Meine Entspannungplatz in Alfeld - da habe ich neue Menschen befreundet, gelesen oder einfach entspannt in der Stille.
Während einer Slowakisch-Ukrainisch-Deutschen Jugendbegegnung waren wir in Berlin. Die Menschen waren echt super und ich war das erste Mal im Bundestag! Die Art von Arbeit, die ich hier mache, ist vielfältig, und ich habe immer was zu tun. Auch wenn es in Spanien anders ist, komme ich sehr gut mit dem Tempo der Arbeit klar. Ich habe übersetzt, Reisen vorbereitet, Vorstellungen und Seminaren besucht, war Teil ein paar Arbeitsgemeinschafts… und habe mit vielen, vielen Menschen gesprochen!
Zurzeit komme ich direkt von einem ESK-Seminar, das in Alfeld (Leine) stattfand. Es war eine unglaublich schöne Erfahrung, ich habe Menschen aus vielen verschiedenen Ländern getroffen und mich mit ihnen angefreundet… Die Trainer waren echt verständnisvoll und haben für uns Aktivitäten mit sehr interessanten Inhalten vorbereitet. Wir haben uns erst gut kennengelernt und einen „Safe-Space“ zusammen erschaffen. Dann haben wir sehr ruhig über unsere Selbstvorstellungen und Beziehung mit anderen zusammen aber auch allein reflektiert. Sie haben uns auch ein sehr interessantes Modell des Lernens gezeigt. Man konnte merken, dass die Trainer viel Erfahrung haben.

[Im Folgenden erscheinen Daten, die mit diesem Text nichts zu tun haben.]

Lemma bern_tail_le (J : finType) (q y : J -> R) (pm B L : R) :
  (forall j, 0 <= q j <= 1) -> (forall j, q j <= pm) -> 0 <= pm ->
  (forall j, 0 <= y j <= B) -> 0 <= L ->
  \sum_(c : {ffun J -> bool}) (\prod_j bern (q j) (c j))
     * (tail_threshold pm B L (\sum_j y j) < \sum_j (c j)%:R * y j)%R%:R
  <= expR (- 2 * L).
Proof.
move=> q01 qpm pm0 y0B L0; set Y := \sum_j y j.
have Y0 : 0 <= Y by apply: sumr_ge0 => j _; case/andP: (y0B j).
have [Bp|B_le0] := ltrP 0 B; last first.
  rewrite big1 ?expR_ge0 // => c _.
  have -> : \sum_j (c j)%:R * y j = 0.
    apply: big1 => j _; case/andP: (y0B j) => yj0 yjB.
    have -> : y j = 0 by apply/eqP; rewrite eq_le yj0 (le_trans yjB B_le0).
    by rewrite mulr0.
  by rewrite ltNge sqr_ge0 mulr0.
set s := Num.sqrt (pm * Y / B); set l := Num.sqrt L.
have [la la0 expo_le] := exists_expR_exponent (sqrtr_ge0 (pm * Y / B)) (sqrtr_ge0 L).
have thrE : tail_threshold pm B L Y = B * (s + l) ^+ 2.
  rewrite /tail_threshold (_ : pm * Y = B * (pm * Y / B)); last by field; rewrite gt_eqF.
  by rewrite !(sqrtrM _ (ltW Bp)) -mulrDr exprMn sqr_sqrtr ?ltW.
have la'0 : 0 <= la / B := divr_ge0 la0 (ltW Bp).
apply: le_trans (chernoff_bern_sum _ q01 qpm y0B Bp la'0) _.
have sE : pm * Y / B = s ^+ 2 by rewrite sqr_sqrtr // divr_ge0 ?mulr_ge0 // ltW.
have lE : L = l ^+ 2 by rewrite sqr_sqrtr.
by rewrite ler_expR thrE divfK ?gt_eqF // sE lE mulrA divfK ?gt_eqF // -mulNr.
Qed.

Lemma tail_threshold_sqr (pm C L F : R) : 0 <= pm -> 0 <= C -> 0 <= L -> 0 <= F ->
  tail_threshold pm (4 * C ^+ 2) L (F ^+ 2)
  = pm * F ^+ 2 + 4 * Num.sqrt pm * C * Num.sqrt L * F + 4 * C ^+ 2 * L.
Proof.
move=> pm0 C0 L0 F0.
have sqrtC : Num.sqrt (4 * C ^+ 2) = 2 * C.
  by rewrite (_ : 4 * C ^+ 2 = (2 * C) ^+ 2) ?sqrtr_sqr ?ger0_norm ?mulr_ge0 //; ring.
rewrite /tail_threshold (sqrtrM _ pm0) sqrtr_sqr (ger0_norm F0).
rewrite (sqrtrM _ (mulr_ge0 _ (sqr_ge0 C))) // sqrtC sqrrD !exprMn !sqr_sqrtr //.
ring.
Qed.

End BernoulliTail.

Section RowNorms.
Variable R : realType.

Lemma sqr_sum_mul_le (I : finType) (a b : I -> R) :
  (\sum_k a k * b k) ^+ 2 <= (\sum_k a k ^+ 2) * (\sum_k b k ^+ 2).
Proof.
set A := \sum_k a k ^+ 2; set B := \sum_k b k ^+ 2; set X := \sum_k a k * b k.
have A0 : 0 <= A by apply: sumr_ge0 => k _; exact: sqr_ge0.
have [B0|B_gt0] := eqVneq B 0.
  have b0 k : b k = 0.
    apply/eqP; rewrite -sqrf_eq0; apply/eqP.
    by apply: (psumr_eq0P _ B0) => // j _; exact: sqr_ge0.
  by rewrite /X big1 ?B0 ?expr0n ?mulr0 // => k _; rewrite b0 mulr0.
have Bp : 0 < B.
  by rewrite lt_neqAle eq_sym B_gt0 sumr_ge0 // => k _; exact: sqr_ge0.
(* [0 <= \sum_k (B a_k - X b_k)^2 = B (A B - X^2)] *)
have : 0 <= \sum_k (B * a k - X * b k) ^+ 2 by apply: sumr_ge0 => k _; exact: sqr_ge0.
have -> : \sum_k (B * a k - X * b k) ^+ 2
    = \sum_k (B ^+ 2 * a k ^+ 2 - (2 * B * X) * (a k * b k) + X ^+ 2 * b k ^+ 2).
  by apply: eq_bigr => k _; ring.
rewrite big_split sumrB /= -!mulr_sumr -/A -/B -/X.
rewrite (_ : _ + _ = B * (A * B - X ^+ 2)); last by ring.
by rewrite pmulr_rge0 // subr_ge0.
Qed.

Lemma norm_sum_mul_le (I : finType) (a b : I -> R) :
  `|\sum_k a k * b k| <= Num.sqrt (\sum_k a k ^+ 2) * Num.sqrt (\sum_k b k ^+ 2).
Proof.
rewrite -sqrtrM; last by apply: sumr_ge0 => k _; exact: sqr_ge0.
by rewrite -sqrtr_sqr ler_sqrt ?sqr_sum_mul_le // mulr_ge0 // sumr_ge0 // => k _;
  exact: sqr_ge0.
Qed.

Lemma norm2inf_ge0 (m q : nat) (X : 'M[R]_(m, q)) : 0 <= norm2inf X.
Proof. exact: bigmax_ge_id. Qed.

Lemma sqnorm_row_le_norm2inf (m q : nat) (X : 'M[R]_(m, q)) (i : 'I_m) (C : R) :
  norm2inf X <= C -> \sum_k X i k ^+ 2 <= C ^+ 2.
Proof.
move=> XC; have S0 : 0 <= \sum_k X i k ^+ 2 by apply: sumr_ge0 => k _; exact: sqr_ge0.
rewrite -(sqr_sqrtr S0) ler_pXn2r // ?nnegrE ?sqrtr_ge0 ?(le_trans (norm2inf_ge0 X)) //.
by apply: le_trans XC; rewrite /norm2inf; exact: le_bigmax.
Qed.

Lemma sqnorm_row_mulmx_orthogonal (m q : nat) (M : 'M[R]_(m, q)) (Q : 'M[R]_q) (j : 'I_m) :
  Q *m Q^T = 1%:M -> \sum_k (M *m Q) j k ^+ 2 = \sum_k M j k ^+ 2.
Proof.
move=> QQt; have sqE (x : 'rV[R]_q) : \sum_k x 0 k ^+ 2 = (x *m x^T) 0 0.
  by rewrite mxE; apply: eq_bigr => k _; rewrite mxE expr2.
transitivity (\sum_k (row j M *m Q) 0 k ^+ 2).
  by apply: eq_bigr => k _; rewrite -row_mul [X in _ = X ^+ 2]mxE.
rewrite sqE trmx_mul mulmxA -(mulmxA _ Q) QQt mulmx1 -sqE.
by apply: eq_bigr => k _; rewrite mxE.
Qed.

Lemma sqnorm_row_subr_le (m q : nat) (X Z : 'M[R]_(m, q)) (i : 'I_m) :
  \sum_k (X - Z) i k ^+ 2 <= 2 * \sum_k X i k ^+ 2 + 2 * \sum_k Z i k ^+ 2.
Proof.
rewrite !mulr_sumr -big_split /=; apply: ler_sum => k _.
rewrite !mxE; have := sqr_ge0 (X i k + Z i k); nra.
Qed.

Lemma sqnorm_row_sub_mulmx_le (m q : nat) (X V : 'M[R]_(m, q)) (Q : 'M[R]_q)
    (j : 'I_m) (C : R) :
  Q *m Q^T = 1%:M -> norm2inf X <= C -> norm2inf V <= C ->
  0 <= \sum_k (X - V *m Q) j k ^+ 2 <= 4 * C ^+ 2.
Proof.
move=> QQt XC VC; rewrite sumr_ge0 => [|k _]; last exact: sqr_ge0.
apply: le_trans (sqnorm_row_subr_le _ _ j) _.
rewrite sqnorm_row_mulmx_orthogonal //.
by have := sqnorm_row_le_norm2inf j XC; have := sqnorm_row_le_norm2inf j VC; lra.
Qed.

Lemma beta1_le (p r : nat) (w : 'I_p -> bool) (Ah As : 'M[R]_(p, r)) (th : 'rV[R]_r)
    (C1 C2 : R) :
  \sum_k th 0 k ^+ 2 <= C1 ^+ 2 -> (forall j, \sum_k Ah j k ^+ 2 <= C2 ^+ 2) -> 0 <= C2 ->
  beta1 w Ah As th <= C1 ^+ 2 * C2 * \sum_j (w j)%:R * \sum_k (Ah - As) j k ^+ 2.
Proof.
move=> thC1 AhC2 C20.
set M := C1 ^+ 2 * C2 * _; rewrite /beta1; set S := [set s | _].
have ubM : ubound S M.
  move=> _ [u [u1 ->]]; rewrite /M mulr_sumr; apply: ler_sum => j _.
  set D := \sum_k (Ah - As) j k ^+ 2.
  have D0 : 0 <= D by apply: sumr_ge0 => k _; exact: sqr_ge0.
  have DE : \sum_k (Ah j k - As j k) ^+ 2 = D by apply: eq_bigr => k _; rewrite !mxE.
  have thetaC : (\sum_k (Ah j k - As j k) * th 0 k) ^+ 2 <= D * C1 ^+ 2.
    by apply: le_trans (sqr_sum_mul_le _ _) _; rewrite DE ler_wpM2l.
  have uC : `|\sum_k Ah j k * u k 0| <= C2.
    apply: le_trans (norm_sum_mul_le _ _) _; rewrite [X in _ * X]u1 mulr1.
    by rewrite -(ger0_norm C20) -sqrtr_sqr ler_sqrt ?sqr_ge0.
  have w0 : 0 <= (w j)%:R :> R := ler0n _ _.
  rewrite [leRHS](_ : _ = (w j)%:R * (D * C1 ^+ 2) * C2); last by ring.
  exact: ler_pM (mulr_ge0 w0 (sqr_ge0 _)) (normr_ge0 _) (ler_wpM2l w0 thetaC) uC.
have [[s Ss]|S0] := pselect (exists s, S s); first by apply: ge_sup => //; exists s.
rewrite (_ : S = set0); last by apply/seteqP; split => // s Ss; apply: S0; exists s.
rewrite sup0 /M mulr_ge0 ?(mulr_ge0 (sqr_ge0 C1)) // sumr_ge0 // => j _.
by rewrite mulr_ge0 // sumr_ge0 // => k _; exact: sqr_ge0.
Qed.

Lemma beta1_le_norm2inf (m p r : nat) (w : 'I_p -> bool) (Ah As : 'M[R]_(p, r))
    (M : 'M[R]_(m, r)) (Q : 'M[R]_r) (i : 'I_m) (C1 C2 : R) :
  Q *m Q^T = 1%:M -> norm2inf M <= C1 -> norm2inf Ah <= C2 ->
  beta1 w Ah As (row i (M *m Q))
  <= C1 ^+ 2 * C2 * \sum_j (w j)%:R * \sum_k (Ah - As) j k ^+ 2.
Proof.
move=> QQt MC1 AhC2; apply: beta1_le => [|j|].
- under eq_bigr do rewrite mxE.
  by rewrite sqnorm_row_mulmx_orthogonal // sqnorm_row_le_norm2inf.
- exact: sqnorm_row_le_norm2inf.
- exact: le_trans (norm2inf_ge0 Ah) AhC2.
Qed.

End RowNorms.

Section MeasurableFunctions.
Context d (T : measurableType d) (R : realType).

Lemma measurable_bool_set (f : T -> bool) : measurable_fun setT f -> measurable [set t | f t].
Proof. by move=> mf; rewrite -[X in measurable X]setTI; exact: mf. Qed.

Lemma indic_bool_set (f : T -> bool) (t : T) : \1_[set t | f t] t = (f t)%:R :> R.
Proof.
rewrite indicE; case: (boolP (f t)) => ft; first by rewrite mem_set.
by rewrite memNset ?(negbTE ft) //; exact/negP.
Qed.

Lemma measurable_fun_eqb (f : T -> bool) (c : bool) :
  measurable_fun setT f -> measurable_fun setT (fun t => f t == c).
Proof.
move=> mf; have -> : (fun t => f t == c) = if c then f else (fun t => ~~ f t).
  by apply/funext => t; case: c; rewrite ?eqb_id ?eqbF_neg.
by case: c => //; exact: measurable_neg.
Qed.

Lemma measurable_fun_existsb (I : finType) (f : I -> T -> bool) :
  (forall i, measurable_fun setT (f i)) -> measurable_fun setT (fun t => [exists i, f i t]).
Proof.
move=> mf; have -> : (fun t => [exists i, f i t])
    = (fun t => \big[orb/false]_(i <- index_enum I) f i t).
  by apply/funext => t; rewrite big_orE.
elim: (index_enum I) => [|i s IHs].
  by rewrite (_ : (fun t => _) = fun=> false) //; apply/funext => t; rewrite big_nil.
rewrite (_ : (fun t => _) = fun t => f i t || \big[orb/false]_(j <- s) f j t).
  exact: measurable_or.
by apply/funext => t; rewrite big_cons.
Qed.

Lemma measurable_fun_sqrt (f : T -> R) :
  measurable_fun setT f -> measurable_fun setT (fun t => Num.sqrt (f t)).
Proof.
apply: measurableT_comp; apply: continuous_measurable_fun; exact: sqrt_continuous.
Qed.

Lemma measurable_fun_tail_threshold (pm B L : R) (f : T -> R) :
  measurable_fun setT f -> measurable_fun setT (fun t => tail_threshold pm B L (f t)).
Proof.
move=> mf; apply: measurable_funX; apply: measurable_funD => //.
exact/measurable_fun_sqrt/measurable_funM.
Qed.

Eine der Sachen die ich am meistens gemocht habe war, dass wir einen ganzen Morgen mit einer Freiberuflerin gesprochen haben. Sie wirkte wie eine echt beeindruckende Person. Sie hat uns charismatisch über unsere Rechte als Freiwillige Arbeiter*Innen aufgeklärt, und man konnte auch sehen, mit wie viel Leidenschaft sie ihre Arbeit macht und auch Interesse für uns zeigt. Es ist diese Art von Gespräch, das man im Leben führt und einfach nie vergisst. Die anderen Aktivitäten, die wir gemacht haben, waren auch super. Die Trainer haben uns auch von ihren eigenen Interessen erzählt – wir haben über die Geschichte von Alfeld gesprochen, über Mass Media und über Consent einen Workshop gemacht. Ein anderer Spanier und ich haben unserem neuen Freund ein bisschen Spanisch beigebracht und ich habe auch ein paar Sätzen auf Ungarisch gelernt… Wir haben alle eine Reise nach Hannover in unserer Freizeit vorbereitet. Ich habe selbst die Tickets gekauft, andere haben Veranstaltungen in der Stadt gesucht…
Wir haben alle eine sehr gute Zeit verbracht, bleiben noch in Kontakt und freuen uns aufs nächste Seminar. Ich bin hier erst einen Monat, aber ich kann nicht aufhören, meinen Freunden in Spanien ESK zu empfehlen!